CIVITAVECCHIA – Una piccola folla di studenti delle classi 2A, B e F dell’IIS via Adige nei giorni passati ha affollato l’aula del Tribunale di Civitavecchia per assistere attentissimi ad un processo penale e alla fine il magistrato Giannetti ha spiegato agli studenti le fasi dibattimentali illustrando le motivazioni della sentenza, lasciando spazio alle domande e agli interventi degli studenti. L’iniziativa, promossa dalla professoressa Schioppa e subito accettata dalla preside professoressa Tinti, rientra nel progetto di educazione alla legalità che ha visto la collaborazione entusiasta del Presidente del Tribunale dottor Almerighi, attivamente impegnato nell’associazione “S.Pertini” che ha lo scopo di promuovere iniziative culturali per testimoniare l’attualità e l’universalità dei valori della libertà, della democrazia, del rispetto delle persone e della solidarietà.

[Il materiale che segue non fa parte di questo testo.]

(* Let $\Omega$ be a region of $\mathcal{C}^*_{n,A}$ and $\bm x\in\Omega$ with associated permutation $\pi$. (1) If $\bm y\in\Omega$ has associated permutation $\sigma$, then the partitions $p_\pi(\Omega)$ (computed from $\bm x$) and $p_\sigma(\Omega)$ (computed from $\bm y$) are equivalent. (2) Conversely, if $\sigma\in\mathfrak{S}_n$ admits a partition into consecutive subwords that is equivalent to $p_\pi(\Omega)$, then there exists $\bm y\in\Omega$ whose associated permutation is $\sigma$.
   Context: Let $A=\{a_1,\dots,a_m\}$ with $a_1>\dots>a_m>0$; $\mathcal{C}^*_{n,A}$ is the arrangement in $\mathbb{R}^n$ of hyperplanes $x_i-x_j=a_k$ ($i\ne j$, $1\le k\le m$), and regions are connected components of the complement. The associated permutation of $\bm x$ is the unique $\pi\in\mathfrak{S}_n$ with $x_{\pi(1)}\ge\dots\ge x_{\pi(n)}$ and $\pi^{-1}(i)<\pi^{-1}(j)$ whenever $i<j$ and $x_i=x_j$. Given $\bm x$ with associated permutation $\pi$, let $M_k$ ($1\le k\le m$) be the matrix $(\operatorname{sgn}(x_{\pi(s)}-x_{\pi(t)}-a_k))_{s,t\in[n]}$. Positions $s,t$ are equivalent if for every $k$ rows $s,t$ of $M_k$ have equally many $+$ entries and columns $s,t$ of $M_k$ have equally many $+$ entries; the classes are intervals of consecutive positions, and $p_\pi(\Omega)$ is the partition of the word $\pi(1)\cdots\pi(n)$ into the corresponding consecutive subwords (blocks). A partition of a permutation word into consecutive subwords $B_1|\cdots|B_s$ and a partition $C_1|\cdots|C_t$ of another permutation word are equivalent if $s=t$ and $C_j$ consists of exactly the same letters as $B_j$ for every $j$. *)

From HB Require Import structures.
From mathcomp Require Import all_boot all_order all_algebra all_fingroup.
From mathcomp Require Import all_classical all_reals all_analysis.
Set Implicit Arguments. Unset Strict Implicit. Unset Printing Implicit Defensive.
Import Order.TTheory GRing.Theory Num.Theory.
Import numFieldTopology.Exports numFieldNormedType.Exports.
Local Open Scope ring_scope.
Local Open Scope classical_set_scope.

Section Defs.
Variables (R : realType) (n : nat).

Definition arr_compl (A : seq R) : set 'rV[R]_n :=
  [set x | forall i j : 'I_n, i != j -> forall a, a \in A -> x ord0 i - x ord0 j != a].

Definition is_region (A : seq R) (Om : set 'rV[R]_n) : Prop :=
  exists2 x0, arr_compl A x0 & Om = connected_component (arr_compl A) x0.

(* associated permutation: x_{pi(1)} >= ... >= x_{pi(n)}, ties ordered by index *)
Definition assoc_perm (x : 'rV[R]_n) (p : 'S_n) : Prop :=
  (forall s t : 'I_n, (s < t)%N -> x ord0 (p t) <= x ord0 (p s)) /\
  (forall i j : 'I_n, (i < j)%N -> x ord0 i = x ord0 j ->
     ((p^-1)%g i < (p^-1)%g j)%N).

Definition Mmat (x : 'rV[R]_n) (p : 'S_n) (a : R) : 'M[R]_n :=
  \matrix_(s, t) Num.sg (x ord0 (p s) - x ord0 (p t) - a).

Definition row_plus (M : 'M[R]_n) (s : 'I_n) : nat := #|[set t | M s t == 1]|.
Definition col_plus (M : 'M[R]_n) (t : 'I_n) : nat := #|[set s | M s t == 1]|.

Definition pos_equiv (A : seq R) (x : 'rV[R]_n) (p : 'S_n) (s t : 'I_n) : bool :=
  all (fun a => (row_plus (Mmat x p a) s == row_plus (Mmat x p a) t) &&
                (col_plus (Mmat x p a) s == col_plus (Mmat x p a) t)) A.

(* a new block starts at position t iff t > 0 and t-1, t are not equivalent
   (the classes are intervals of consecutive positions) *)
Definition block_start (A : seq R) (x : 'rV[R]_n) (p : 'S_n) (t : 'I_n) : bool :=
  (0 < t)%N && ~~ [exists u : 'I_n, (u.+1 == t :> nat) && pos_equiv A x p u t].

(* index (from 0) of the block containing position s *)
Definition block_idx (A : seq R) (x : 'rV[R]_n) (p : 'S_n) (s : 'I_n) : nat :=
  #|[set t : 'I_n | block_start A x p t & (t <= s)%N]|.

Definition nblocks (A : seq R) (x : 'rV[R]_n) (p : 'S_n) : nat :=
  (\max_(s : 'I_n) (block_idx A x p s).+1)%N.

Definition perm_word (p : 'S_n) : seq 'I_n := [seq p s | s <- enum 'I_n].

Definition region_part (A : seq R) (x : 'rV[R]_n) (p : 'S_n) : seq (seq 'I_n) :=
  [seq [seq p s | s <- enum 'I_n & block_idx A x p s == j]
  | j <- iota 0 (nblocks A x p)].

End Defs.

Definition is_consec_partition (n : nat) (w : seq 'I_n) (bs : seq (seq 'I_n)) : Prop :=
  flatten bs = w /\ all (fun b => b != [::]) bs.

Definition part_equiv (n : nat) (bs cs : seq (seq 'I_n)) : Prop :=
  size bs = size cs /\ forall j, (j < size bs)%N -> nth [::] bs j =i nth [::] cs j.

From Pilot Require Import Defs.
From HB Require Import structures.
From mathcomp Require Import all_boot all_order all_algebra all_fingroup.
From mathcomp Require Import all_classical all_reals all_analysis.
From mathcomp Require Import ring lra.
Import Order.TTheory GRing.Theory Num.Theory.
Import numFieldTopology.Exports numFieldNormedType.Exports.
Set Implicit Arguments. Unset Strict Implicit.

(* Inside a region every gap [x_i - x_k - a] keeps its sign, so the sign
   matrices, read in terms of coordinates rather than positions, depend only on
   the region.  Counting the plus entries in the row and in the column of a
   coordinate orders the coordinates by a total preorder, and two permutations
   sorting the same total preorder have equivalent entries at every position
   (compare ranks); this gives (1).  For (2), blockwise equality of letters
   again says that [pi s] and [sigma s] are equivalent for every position [s].
   Equivalent coordinates have the same sign rows and columns, so the point
   [y] with [y_(sigma s) = x_(pi s) - eps * s] has the sign pattern of [x] for
   small [eps], is strictly sorted by [sigma], and the segment from [x] to [y]
   avoids the hyperplanes. *)

Local Open Scope ring_scope.

Section SortingPerm.
Variables (n : nat) (D : rel 'I_n).

Definition sorting_perm (p : 'S_n) := forall s t : 'I_n, (s <= t)%N -> D (p s) (p t).

Lemma card_perm_lt (p : 'S_n) k : (k <= n)%N -> #|[set m | ((p^-1)%g m < k)%N]| = k.
Proof.
move=> le_kn.
have -> : [set m | ((p^-1)%g m < k)%N] = [set p (widen_ord le_kn j) | j in 'I_k].
  apply/setP => m; rewrite inE; apply/idP/imsetP => [lt_mk | [j _ ->]].
    exists (Ordinal lt_mk) => //.
    by rewrite (_ : widen_ord _ _ = (p^-1)%g m) ?permKV //; apply: val_inj.
  by rewrite permK /= ltn_ord.
rewrite card_imset ?card_ord // => j j' /perm_inj/(congr1 val) eq_jj'.
exact: val_inj.
Qed.

Lemma sorting_perm_rank p : sorting_perm p -> forall s,
  (#|[set m | D m (p s) && ~~ D (p s) m]| <= s < #|[set m | D m (p s)]|)%N.
Proof.
move=> sorted_p s; apply/andP; split.
  rewrite -[X in (_ <= X)%N](card_perm_lt p (ltnW (ltn_ord s))).
  apply/subset_leq_card/fintype.subsetP => m; rewrite !inE => /andP[_ not_le].
  rewrite ltnNge; apply: contra not_le => /sorted_p.
  by rewrite permKV.
rewrite -[X in (X < _)%N]/(s.+1.-1) -(card_perm_lt p (ltn_ord s)).
apply/subset_leq_card/fintype.subsetP => m; rewrite !inE ltnS => /sorted_p.
by rewrite permKV.
Qed.

Hypotheses (D_total : total D) (D_trans : transitive D).

Lemma sorting_perm_equiv p q : sorting_perm p -> sorting_perm q ->
  forall s, D (p s) (q s) && D (q s) (p s).
Proof.
move=> sorted_p sorted_q s.
have below_sub i k : D i k -> ~~ D k i ->
    [set m | D m i] \subset [set m | D m k && ~~ D k m].
  move=> le_ik not_le_ki; apply/fintype.subsetP => m; rewrite !inE => le_mi.
  rewrite (D_trans le_mi le_ik); apply: contra not_le_ki => le_km.
  exact: D_trans le_km le_mi.
wlog le_pq : p q sorted_p sorted_q / D (p s) (q s).
  move=> H; case/orP: (D_total (p s) (q s)) => [|le_qp]; first exact: H.
  by rewrite andbC; apply: H.
rewrite le_pq /=; apply: contraT => not_le_qp.
have /andP[_ lt_s] := sorting_perm_rank sorted_p s.
have /andP[le_s _] := sorting_perm_rank sorted_q s.
have := leq_trans (subset_leq_card (below_sub _ _ le_pq not_le_qp)) le_s.
by rewrite leqNgt lt_s.
Qed.

End SortingPerm.

(* [row_plus] and [col_plus] count classical sets: [classical_set_scope] is
   open in [Defs]. *)
Lemma in_set_bool (T : Type) (b : T -> bool) (x : T) :
  (x \in [set y | b y]%classic) = b x.
Proof. by rewrite /in_mem /= /in_set asboolb. Qed.

Section Gaps.
Variables (R : realType) (n : nat).
Implicit Types (z : 'rV[R]_n) (p : 'S_n) (a : R) (i k : 'I_n).

Definition gap_pos z a i k : bool := 0 < z ord0 i - z ord0 k - a.
Definition rcount z a i := #|[set k | gap_pos z a i k]|.
Definition ccount z a k := #|[set i | gap_pos z a i k]|.

Lemma row_plus_Mmat z p a s : row_plus (Mmat z p a) s = rcount z a (p s).
Proof.
rewrite /rcount -(card_preimset _ (@perm_inj _ p)).
by apply: eq_card => t; rewrite in_set_bool !inE mxE sgr_cp0.
Qed.

Lemma col_plus_Mmat z p a t : col_plus (Mmat z p a) t = ccount z a (p t).
Proof.
rewrite /ccount -(card_preimset _ (@perm_inj _ p)).
by apply: eq_card => s; rewrite in_set_bool !inE mxE sgr_cp0.
Qed.

Variable A : seq R.

Definition count_ge z i k :=
  all (fun a => (rcount z a k <= rcount z a i)%N && (ccount z a i <= ccount z a k)%N) A.
Definition count_eqv z i k := count_ge z i k && count_ge z k i.

Lemma pos_equivE z p s t : pos_equiv A z p s t = count_eqv z (p s) (p t).
Proof.
rewrite /pos_equiv /count_eqv /count_ge -all_predI; apply: eq_all => a /=.
rewrite !row_plus_Mmat !col_plus_Mmat !eqn_leq.
set rs := rcount z a (p s); set rt := rcount z a (p t).
set cs := ccount z a (p s); set ct := ccount z a (p t).
by case: (rs <= rt)%N; case: (rt <= rs)%N; case: (cs <= ct)%N; case: (ct <= cs)%N.
Qed.

Lemma count_ge_refl z : reflexive (count_ge z).
Proof. by move=> i; apply/allP => a _; rewrite !leqnn. Qed.

Lemma count_ge_trans z : transitive (count_ge z).
Proof.
move=> j i k /allP ge_ij /allP ge_jk; apply/allP => a aA.
have /andP[r_ij c_ij] := ge_ij a aA; have /andP[r_jk c_jk] := ge_jk a aA.
by rewrite (leq_trans r_jk r_ij) (leq_trans c_ij c_jk).
Qed.

Lemma le_count_ge z i k : z ord0 k <= z ord0 i -> count_ge z i k.
Proof.
move=> le_ki; apply/allP => a _; apply/andP; split; apply/subset_leq_card;
  apply/fintype.subsetP => j; rewrite !inE /gap_pos => ?; lra.
Qed.

Lemma count_ge_total z : total (count_ge z).
Proof.
move=> i k; case: (lerP (z ord0 k) (z ord0 i)) => [/le_count_ge -> //|/ltW].
by move/le_count_ge ->; rewrite orbT.
Qed.

Lemma count_eqv_refl z : reflexive (count_eqv z).
Proof. by move=> i; rewrite /count_eqv count_ge_refl. Qed.

Lemma count_eqv_sym z : symmetric (count_eqv z).
Proof. by move=> i k; rewrite /count_eqv andbC. Qed.

Lemma count_eqv_trans z : transitive (count_eqv z).
Proof.
move=> j i k /andP[ge_ij ge_ji] /andP[ge_jk ge_kj].
by rewrite /count_eqv (count_ge_trans ge_ij ge_jk) (count_ge_trans ge_kj ge_ji).
Qed.

Lemma count_eqv_congr z i i' k k' : count_eqv z i i' -> count_eqv z k k' ->
  count_eqv z i k = count_eqv z i' k'.
Proof.
move=> eqv_i eqv_k; apply/idP/idP => eqv_ik.
  rewrite count_eqv_sym in eqv_i.
  exact: count_eqv_trans eqv_i (count_eqv_trans eqv_ik eqv_k).
rewrite count_eqv_sym in eqv_k.
exact: count_eqv_trans eqv_i (count_eqv_trans eqv_ik eqv_k).
Qed.

(* Equal counts force equal sign rows and columns, because the sets of
   positive entries in the rows of [i] and [i'] are nested. *)
Lemma count_eqv_gap_pos z a i i' : a \in A -> count_eqv z i i' ->
  gap_pos z a i =1 gap_pos z a i' /\ gap_pos z a ^~ i =1 gap_pos z a ^~ i'.
Proof.
move=> aA; wlog le_i'i : i i' / z ord0 i' <= z ord0 i.
  move=> H eqv_ii'; case: (lerP (z ord0 i') (z ord0 i)) => [le|/ltW le].
    exact: H.
  rewrite count_eqv_sym in eqv_ii'; have [eq_row eq_col] := H i' i le eqv_ii'.
  by split=> k; [rewrite eq_row | rewrite eq_col].
case/andP=> /allP/(_ a aA)/andP[r1 c1] /allP/(_ a aA)/andP[r2 c2].
have row_sub : [set k | gap_pos z a i' k] \subset [set k | gap_pos z a i k].
  by apply/fintype.subsetP => k; rewrite !inE /gap_pos => ?; lra.
have col_sub : [set k | gap_pos z a k i] \subset [set k | gap_pos z a k i'].
  by apply/fintype.subsetP => k; rewrite !inE /gap_pos => ?; lra.
have /subset_cardP/(_ row_sub) eq_row : rcount z a i' = rcount z a i.
  by apply/eqP; rewrite eqn_leq r1 r2.
have /subset_cardP/(_ col_sub) eq_col : ccount z a i = ccount z a i'.
  by apply/eqP; rewrite eqn_leq c1 c2.
by split=> k; [move: (eq_row k) | move: (eq_col k)]; rewrite !inE.
Qed.

Lemma count_eqv_gap_pos2 z a i i' k k' : a \in A ->
  count_eqv z i i' -> count_eqv z k k' -> gap_pos z a i k = gap_pos z a i' k'.
Proof.
by move=> aA /(count_eqv_gap_pos aA)[-> _] /(count_eqv_gap_pos aA)[_ ->].
Qed.

End Gaps.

In quest’ottica si muove anche l’IIS “Viale Adige” che ha attivato durante l’anno molte iniziative su questo tema tra le quali gli incontri sulla sicurezza negli stadi, sulla sicurezza stradale, sul bullismo ed infine questa collaborazione con il Tribunale di Civitavecchia. “La visita al Tribunale – hanno spiegato la professoressa Schioppa e l’insegnante Emilia Riposati – è stata preceduta da una serie di lezioni sul processo penale effettuate in classe. Assistere direttamente al processo è stato per gli studenti particolarmente istruttivo ed emozionante. Riteniamo infatti importante mettere i ragazzi nelle situazioni della vita reale, far comprendere le conseguenze di azioni a volte compiute con superficialità o leggerezza”. L’iniziativa ha riscosso grande successo sia tra gli studenti che tra i genitori che hanno espresso la volontà di approfondire questo argomento. “E’ l’inizio di un percorso che approfondiremo durante il prossimo anno grazie alla disponibilità e all’attenzione del presidente del Tribunale dottor Almerighi con il quale siamo certi di poter stabilire un rapporto fattivo e costante – ha commentato la preside Tinti – la scuola deve sempre essere in contatto con le Istituzioni Territoriali, se vuole fornire agli studenti non solo un bagaglio culturale e professionale ma anche formarli ad essere dei cittadini consapevoli”.
Rom. Mos.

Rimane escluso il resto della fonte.